When the CY, TM, IR, or HPM__n__ bit in the `scounteren` register is
clear, attempts to read the `cycle`, `time`, `instret`, or `hpmcountern`
register while executing in U-mode will cause an illegal-instruction
exception. When one of these bits is set, access to the corresponding
register is permitted.
`scounteren` must be implemented. However, any of the bits may be
read-only zero, indicating reads to the corresponding counter will cause
an exception when executing in U-mode. Hence, they are effectively
*WARL* fields.
[NOTE]
====
The setting of a bit in `mcounteren` does not affect whether the
corresponding bit in `scounteren` is writable. However, U-mode may only
access a counter if the corresponding bits in `scounteren` and
`mcounteren` are both set.
====
==== Supervisor Scratch Register (`sscratch`)
The `sscratch` register is an SXLEN-bit read/write register, dedicated
for use by the supervisor. Typically, `sscratch` is used to hold a
pointer to the hart-local supervisor context while the hart is executing
user code. At the beginning of a trap handler, `sscratch` is swapped
with a user register to provide an initial working register.
.Supervisor Scratch Register
include::images/bytefield/sscratch.edn[]
==== Supervisor Exception Program Counter (`sepc`)
`sepc` is an SXLEN-bit read/write register formatted as shown in
<<epcreg>>. The low bit of `sepc` (`sepc[0]`) is always zero. On implementations that support only IALIGN=32, the two low bits (`sepc[1:0]`) are always zero.

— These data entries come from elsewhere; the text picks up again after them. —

(* Let $E\subset[0,1]$ be such that $[0,1]\setminus E$ is finite and let $\alpha>0$. Let $\{\Gamma_j\}_{j\in\mathbb N}$ be the consecutive arrival times of a standard Poisson process and $\{\mathcal R_j\}_{j\in\mathbb N}$ i.i.d. copies of a random closed set $\mathcal R$ in $\mathcal F(E)$, independent of $\{\Gamma_j\}$. Assume that almost surely $\mathcal R_J:=\bigcap_{j\in J}\mathcal R_j=\emptyset$ for all finite $J\subset\mathbb N$ with $|J|$ large enough. For finite $J\subset\mathbb N$ let $\mathcal M_J(A)=\sum_{j\in J}\Gamma_j^{-1/\alpha}$ if $\mathcal R_J\cap A\ne\emptyset$ and $\mathcal M_J(A)=-\infty$ otherwise ($A\subset E$), with $\mathcal M_\emptyset\equiv-\infty$, and let $\mathcal M^{\rm Ca}_{\alpha,\mathcal R}=\sup_{J\subset\mathbb N,|J|<\infty}\mathcal M_J$. For $t\in E$ let $\mathcal J_t=\{\ell\in\mathbb N: t\in\mathcal R_\ell\}$ and $\xi_\alpha(t)=\sum_{j\in\mathcal J_t}\Gamma_j^{-1/\alpha}$ if $\mathcal J_t\ne\emptyset$, $\xi_\alpha(t)=-\infty$ otherwise. Then almost surely $\mathcal M^{\rm Ca}_{\alpha,\mathcal R}(A)=\sup_{t\in A}\xi_\alpha(t)$ for the sets $A\subset E$, i.e. $\mathcal M^{\rm Ca}_{\alpha,\mathcal R}$ equals the sup-integral of $\xi_\alpha$ as sup-measures on $E$.
   Context: $\mathcal F(E)$ is the space of closed subsets of $E$ with the Fell topology. A sup-measure on $E$ is a map $m$ from subsets of $E$ to $[-\infty,\infty]$ with $m(\bigcup_\lambda A_\lambda)=\sup_\lambda m(A_\lambda)$ and $m(\emptyset)=-\infty$. The supremum over finite $J$ is understood pointwise, as the increasing limit of maxima over $J\subset\{1,\dots,\ell\}$ as $\ell\to\infty$. *)

From HB Require Import structures.
From mathcomp Require Import all_boot all_order all_algebra finmap.
From mathcomp Require Import all_classical all_reals all_analysis.
Set Implicit Arguments. Unset Strict Implicit. Unset Printing Implicit Defensive.
Import Order.TTheory GRing.Theory Num.Theory.
Import numFieldNormedType.Exports.
Local Open Scope classical_set_scope.
Local Open Scope ring_scope.
Local Open Scope ereal_scope.

Section Defs.
Context {R : realType}.

Definition closed_in (E F : set R) : Prop :=
  F `<=` E /\ exists C : set R, closed C /\ F = E `&` C.

(* Hitting events {F : F ∩ K <> ∅}, K compact subset of E.  They generate the
   Borel sigma-algebra of the Fell topology on F(E) (E locally compact,
   second countable, Hausdorff). *)
Definition fell_hitting (E : set R) : set (set (set R)) :=
  [set [set F : set R | F `&` K !=set0] | K in [set K : set R | compact K /\ K `<=` E]].

Definition fell_sigma (E : set R) : set (set (set R)) := <<s fell_hitting E >>.

Definition random_closed_set d (T : measurableType d) (E : set R)
    (X : T -> set R) : Prop :=
  (forall w, closed_in E (X w)) /\
  (forall B, fell_sigma E B -> measurable (X @^-1` B)).

Definition sigma_real d (T : measurableType d) (X : T -> R) : set (set T) :=
  [set X @^-1` B | B in [set B : set R | measurable B]].
Definition sigma_rcs d (T : measurableType d) (E : set R) (X : T -> set R)
    : set (set T) :=
  [set X @^-1` B | B in fell_sigma E].

Definition mutually_independent d (T : measurableType d) (I : choiceType)
    (P : probability T R) (F : I -> set (set T)) : Prop :=
  forall (J : {fset I}) (A : I -> set T),
    (forall i, i \in J -> F i (A i)) ->
    P (\bigcap_(i in [set` J]) A i) = \prod_(i <- J) P (A i).

Definition exponential1 d (T : measurableType d) (P : probability T R)
    (X : T -> R) : Prop :=
  measurable_fun setT X /\
  forall x : R, (0 <= x)%R -> P [set w | (X w <= x)%R] = (1 - expR (- x))%:E.

(* arrival times of a standard Poisson process built from the
   i.i.d. Exp(1) inter-arrival times X_0, X_1, ... (Gamma_j, j = 0,1,...) *)
Definition arrival (X : nat -> R) (j : nat) : R := (\sum_(i < j.+1) X i)%R.

Definition RJ (Rs : nat -> set R) (J : {fset nat}) : set R :=
  \bigcap_(j in [set` J]) Rs j.

Definition MJ (alpha : R) (G : nat -> R) (Rs : nat -> set R) (J : {fset nat})
    (A : set R) : \bar R :=
  if J == fset0 then -oo
  else if `[< RJ Rs J `&` A !=set0 >]
       then (\sum_(j <- J) powR (G j) (- alpha^-1))%R%:E
       else -oo.

Definition MCa (alpha : R) (G : nat -> R) (Rs : nat -> set R) (A : set R)
    : \bar R :=
  ereal_sup [set MJ alpha G Rs J A | J in [set: {fset nat}]].

Definition xi (alpha : R) (G : nat -> R) (Rs : nat -> set R) (t : R) : \bar R :=
  if `[< exists l, Rs l t >]
  then \esum_(j in [set l | Rs l t]) (powR (G j) (- alpha^-1))%:E
  else -oo.

End Defs.

From HB Require Import structures.
From mathcomp Require Import all_boot all_order all_algebra finmap.
From mathcomp Require Import all_classical all_reals all_analysis.
Import Order.TTheory GRing.Theory Num.Theory.
Local Open Scope classical_set_scope.
Local Open Scope ring_scope.
Local Open Scope ereal_scope.

(* The identity holds pathwise, for every realisation in which R_J is empty
   once |J| >= N.  Then each
   J_t = {l | t \in R_l} is finite (|J_t| < N), so xi(t) = M_{J_t}(A) for
   t \in A, giving sup_A xi <= M^Ca(A).  Conversely, if M_J(A) > -oo pick
   t \in R_J \cap A; then J \subset J_t and the weights are nonnegative, so
   M_J(A) <= xi(t). *)

Lemma ler_sum_fsubset {R : numDomainType} {I : choiceType} (J K : {fset I})
    (F : I -> R) :
  (J `<=` K)%fset -> (forall i, i \in K -> 0 <= F i)%R ->
  (\sum_(i <- J) F i <= \sum_(i <- K) F i)%R.
Proof.
move=> JK F0; rewrite (big_fsetID _ (mem J) K) /=.
have -> : [fset x | x in K & x \in J]%fset = J.
  by apply/fsetP => i; rewrite !inE andb_idl // => /(fsubsetP JK).
by rewrite lerDl big_seq sumr_ge0 // => i; rewrite !inE => /andP[/F0].
Qed.

Section Pathwise.
Context {R : realType}.
Variables (alpha : R) (G : nat -> R) (Rs : nat -> set R).

Definition indices_at (t : R) : set nat := [set l | Rs l t].

Lemma finite_indices_at (N : nat) :
  (forall J : {fset nat}, (N <= #|` J|)%N -> RJ Rs J = set0) ->
  forall t, finite_set (indices_at t).
Proof.
move=> RJ0 t; apply: contrapT => /(infinite_set_fset N) [J Jt NJ].
by have /seteqP [/(_ t) + _] := RJ0 J NJ; apply => j /Jt.
Qed.

Lemma xi_fsetE (t : R) : finite_set (indices_at t) -> indices_at t !=set0 ->
  xi alpha G Rs t =
  (\sum_(j <- fset_set (indices_at t)) powR (G j) (- alpha^-1))%R%:E.
Proof.
move=> fin Rt; rewrite /xi; case: asboolP => // _.
rewrite esum_fset //; last by move=> j _; rewrite lee_fin powR_ge0.
by rewrite fsbig_finite // sumEFin.
Qed.

Lemma xi_MJ_indices {A : set R} {t : R} : A t -> finite_set (indices_at t) ->
  xi alpha G Rs t = MJ alpha G Rs (fset_set (indices_at t)) A.
Proof.
move=> At fin; have [Rt|noRt] := pselect (indices_at t !=set0); last first.
  rewrite /xi /MJ; case: asboolP => // _.
  suff -> : indices_at t = set0 by rewrite fset_set0 eqxx.
  by apply/seteqP; split => // l Rlt; apply: noRt; exists l.
have [l Rlt] := Rt.
rewrite xi_fsetE // /MJ ifF; last first.
  by apply/negbTE/fset0Pn; exists l; rewrite in_fset_set // inE.
case: asboolP => // -[]; exists t; split => // j /=.
by rewrite in_fset_set // inE.
Qed.

Lemma MJ_le_xi (J : {fset nat}) (A : set R) :
  (forall t, finite_set (indices_at t)) ->
  MJ alpha G Rs J A <= ereal_sup [set xi alpha G Rs t | t in A].
Proof.
move=> fin; rewrite /MJ; case: ifP => [_|/negbT J0]; first exact: leNye.
case: asboolP => [[t [RJt At]]|_]; last exact: leNye.
apply: le_trans (ereal_sup_ubound _); last by exists t.
have Rt : indices_at t !=set0 by case/fset0Pn: J0 => j /RJt; exists j.
rewrite xi_fsetE // lee_fin ler_sum_fsubset // => [|j _]; last exact: powR_ge0.
by apply/fsubsetP => j /RJt Rjt; rewrite in_fset_set // inE.
Qed.

Lemma MCa_sup_xi (N : nat) (A : set R) :
  (forall J : {fset nat}, (N <= #|` J|)%N -> RJ Rs J = set0) ->
  MCa alpha G Rs A = ereal_sup [set xi alpha G Rs t | t in A].
Proof.
move=> /finite_indices_at fin; apply: le_anti; apply/andP; split.
  by apply: ge_ereal_sup => _ [J _ <-]; exact: MJ_le_xi.
apply: ge_ereal_sup => _ [t At <-]; rewrite (xi_MJ_indices At (fin t)).
by apply: ereal_sup_ubound; exists (fset_set (indices_at t)).
Qed.

End Pathwise.

Theorem proposition2p3 (R : realType) (E : set R) (alpha : R)
  (d : measure_display) (T : measurableType d) (P : probability T R)
  (X : nat -> T -> R) (Rs : nat -> T -> set R) :
  E `<=` `[0%R, 1%R] ->
  finite_set (`[0%R, 1%R] `\` E) ->
  (0 < alpha)%R ->
  (* inter-arrival times: each Exp(1) *)
  (forall i, exponential1 P (X i)) ->
  (* each R_j is a random closed set in F(E) *)
  (forall j, random_closed_set E (Rs j)) ->
  (* R_j identically distributed *)
  (forall j B, fell_sigma E B -> P (Rs j @^-1` B) = P (Rs 0%N @^-1` B)) ->
  (* X_0, X_1, ..., R_0, R_1, ... mutually independent *)
  mutually_independent P
    (fun k : nat + nat => match k with
                          | inl i => sigma_real (X i)
                          | inr j => sigma_rcs E (Rs j) end) ->
  (* a.s. R_J is empty for all finite J with |J| large enough *)
  {ae P, forall w, exists N : nat, forall J : {fset nat},
      (N <= #|` J|)%N -> RJ (fun j => Rs j w) J = set0} ->
  {ae P, forall w, forall A : set R, A `<=` E ->
      MCa alpha (fun j => arrival (fun i => X i w) j) (fun j => Rs j w) A =
      ereal_sup [set xi alpha (fun j => arrival (fun i => X i w) j)
                      (fun j => Rs j w) t | t in A]}.
Proof.
move=> _ _ _ _ _ _ _; apply: filterS => w [N RJ0] A _.
exact: (MCa_sup_xi _ _ _ _ A RJ0).
Qed.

If an implementation allows IALIGN to be either 16 or 32 (by changing
CSR `misa`, for example), then, whenever IALIGN=32, bit `sepc[1]` is
masked on reads so that it appears to be 0. This masking occurs also for
the implicit read by the SRET instruction. Though masked, `sepc[1]`
remains writable when IALIGN=32.
`sepc` is a *WARL* register that must be able to hold all valid virtual
addresses. It need not be capable of holding all possible invalid
addresses. Prior to writing `sepc`, implementations may convert an
invalid address into some other invalid address that `sepc` is capable
of holding.
When a trap is taken into S-mode, `sepc` is written with the virtual
address of the instruction that was interrupted or that encountered the
exception. Otherwise, `sepc` is never written by the implementation,
though it may be explicitly written by software.
[[epcreg]]
.Supervisor exception program counter register.

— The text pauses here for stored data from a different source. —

Lemma score_le_maxscore (P : seq pt) (h : seq nat) (q : pt) (s : seq pt) :
  ne_path q s -> score P h q s <= maxscore P h q.
Proof.
move=> qs; have lt_score : score P h q s < (sumn h).+1 by rewrite ltnS score_le_sumn.
apply: (@leq_bigmax_cond _ _ (fun v : 'I_(sumn h).+1 => nat_of_ord v) (Ordinal lt_score)).
by apply: asboolT; exists s.
Qed.

Lemma maxscore_le (P : seq pt) (h : seq nat) (q : pt) (m : nat) :
  (forall s, ne_path q s -> score P h q s <= m) -> maxscore P h q <= m.
Proof. by move=> le_m; apply/bigmax_leqP => v /asboolP [s [qs <-]]; apply: le_m. Qed.

Lemma ne_path_ge (q : pt) (s : seq pt) (x : pt) :
  ne_path q s -> x \in q :: s -> q.1 <= x.1 /\ q.2 <= x.2.
Proof.
elim: s q => [|b s IH] q /=; first by rewrite inE => _ /eqP ->.
case/andP => qb bs; rewrite inE => /orP [/eqP -> //|/(IH _ bs) [le1 le2]].
by case/orP: qb => /eqP Eb; rewrite Eb /= in le1 le2; lia.
Qed.

Lemma ne_path_reach (r t : pt) : r.1 <= t.1 -> r.2 <= t.2 ->
  exists s, ne_path r s /\ last r s = t.
Proof.
move Hn: (t.1 - r.1 + (t.2 - r.2)) => n.
elim: n t Hn => [|n IH] [a b] /= Hn le1 le2.
  by exists [::]; split => //=; case: r le1 le2 Hn => ? ? /= *; congr pair; lia.
have [t' [Et' le1' le2' Hn']] : exists t' : pt, [/\ ne_step t' (a, b),
    r.1 <= t'.1, r.2 <= t'.2 & t'.1 - r.1 + (t'.2 - r.2) = n].
  have [lt2|ge2] := ltnP r.2 b.
    by exists (a, b.-1); rewrite /ne_step /= !xpair_eqE; split => //=; lia.
  exists (a.-1, b); rewrite /ne_step /= !xpair_eqE; split => //=; lia.
have [s [rs Es]] := IH t' Hn' le1' le2'.
exists (rcons s (a, b)).
by rewrite /ne_path rcons_path last_rcons Es; split => //; apply/andP.
Qed.

Fixpoint row_path (p : pt) (n : nat) : seq pt :=
  if n is n'.+1 then (p.1.+1, p.2) :: row_path (p.1.+1, p.2) n' else [::].

Lemma ne_path_row (p : pt) (n : nat) : ne_path p (row_path p n).
Proof. by elim: n p => [|n IH] p //=; rewrite IH andbT /ne_step eqxx. Qed.

Lemma mem_row_path (p : pt) (n : nat) (x : pt) :
  x.2 = p.2 -> p.1 <= x.1 <= p.1 + n -> x \in p :: row_path p n.
Proof.
case: x => a b /= ->; elim: n p => [|n IH] [c d] /= le_ca.
  by rewrite inE xpair_eqE eqxx andbT; apply/eqP; lia.
have [-> //|ne_ca] := eqVneq a c; first by rewrite mem_head.
by rewrite inE; apply/orP; right; apply: (IH (c.+1, d)) => /=; lia.
Qed.

Lemma nth_le_score (P : seq pt) (h : seq nat) (q : pt) (s : seq pt) (k : nat) :
  k < size P -> nth (0, 0) P k \in q :: s -> nth 0 h k <= score P h q s.
Proof. by move=> lt_k Pk; rewrite /score (bigD1 (Ordinal lt_k)) ?leq_addr. Qed.

Lemma nth_le_maxscore (P : seq pt) (h : seq nat) (r : pt) (k : nat) : k < size P ->
  r.1 <= (nth (0, 0) P k).1 -> r.2 <= (nth (0, 0) P k).2 ->
  nth 0 h k <= maxscore P h r.
Proof.
move=> lt_k le1 le2; have [s [rs Es]] := ne_path_reach le1 le2.
apply: leq_trans (score_le_maxscore P h rs).
by apply: nth_le_score => //; rewrite -Es mem_last.
Qed.

Lemma score_le_of_mem (P P' : seq pt) (h : seq nat) (r r' : pt) (s t : seq pt) :
  size P' = size P ->
  (forall k, k < size P -> nth (0, 0) P' k \in r :: s -> nth (0, 0) P k \in r' :: t) ->
  score P' h r s <= score P h r' t.
Proof.
move=> eq_size sub; rewrite /score eq_size big_mkcond [leqRHS]big_mkcond.
by apply: leq_sum => k _; case: ifP => // /sub ->.
Qed.

Lemma fp_leP (P' P : seq pt) (h : seq nat) :
  fp_le P' P h <-> forall r, maxscore P' h r <= maxscore P h r.
Proof.
split=> [le r | le [[x y] z] lt_z]; last exact: leq_trans lt_z (le _).
case: (posnP (maxscore P' h r)) => [-> //|pos].
have := le (r.1, r.2, (maxscore P' h r).-1); rewrite /lambda /= -surjective_pairing.
by rewrite prednK // leqnn => /(_ isT).
Qed.

Lemma supp_dominated (P : seq pt) (h : seq nat) (q : pt) : supp P h q ->
  exists2 k, k < size P & q.1 <= (nth (0, 0) P k).1 /\ q.2 <= (nth (0, 0) P k).2.
Proof.
rewrite /supp; case: (pickP (fun k : 'I_(size P) =>
  (q.1 <= (nth (0, 0) P k).1) && (q.2 <= (nth (0, 0) P k).2))) => [k /andP [] | none].
  by exists k.
suff /eqP -> : maxscore P h q == 0 by [].
rewrite -leqn0; apply: maxscore_le => s qs; rewrite leqn0 /score; apply/eqP.
by apply: big1 => k /(ne_path_ge qs) [le1 le2]; move: (none k); rewrite le1 le2.
Qed.

Section MovePoint.

Variables (P : seq pt) (h : seq nat) (q : pt) (j : nat).
Hypothesis lt_j : j < size P.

include::images/bytefield/epcreg.edn[]
[[scause]]
==== Supervisor Cause Register (`scause`)
The `scause` register is an SXLEN-bit read-write register formatted as
shown in <<scausereg>>. When a trap is taken into
S-mode, `scause` is written with a code indicating the event that
caused the trap. Otherwise, `scause` is never written by the
implementation, though it may be explicitly written by software.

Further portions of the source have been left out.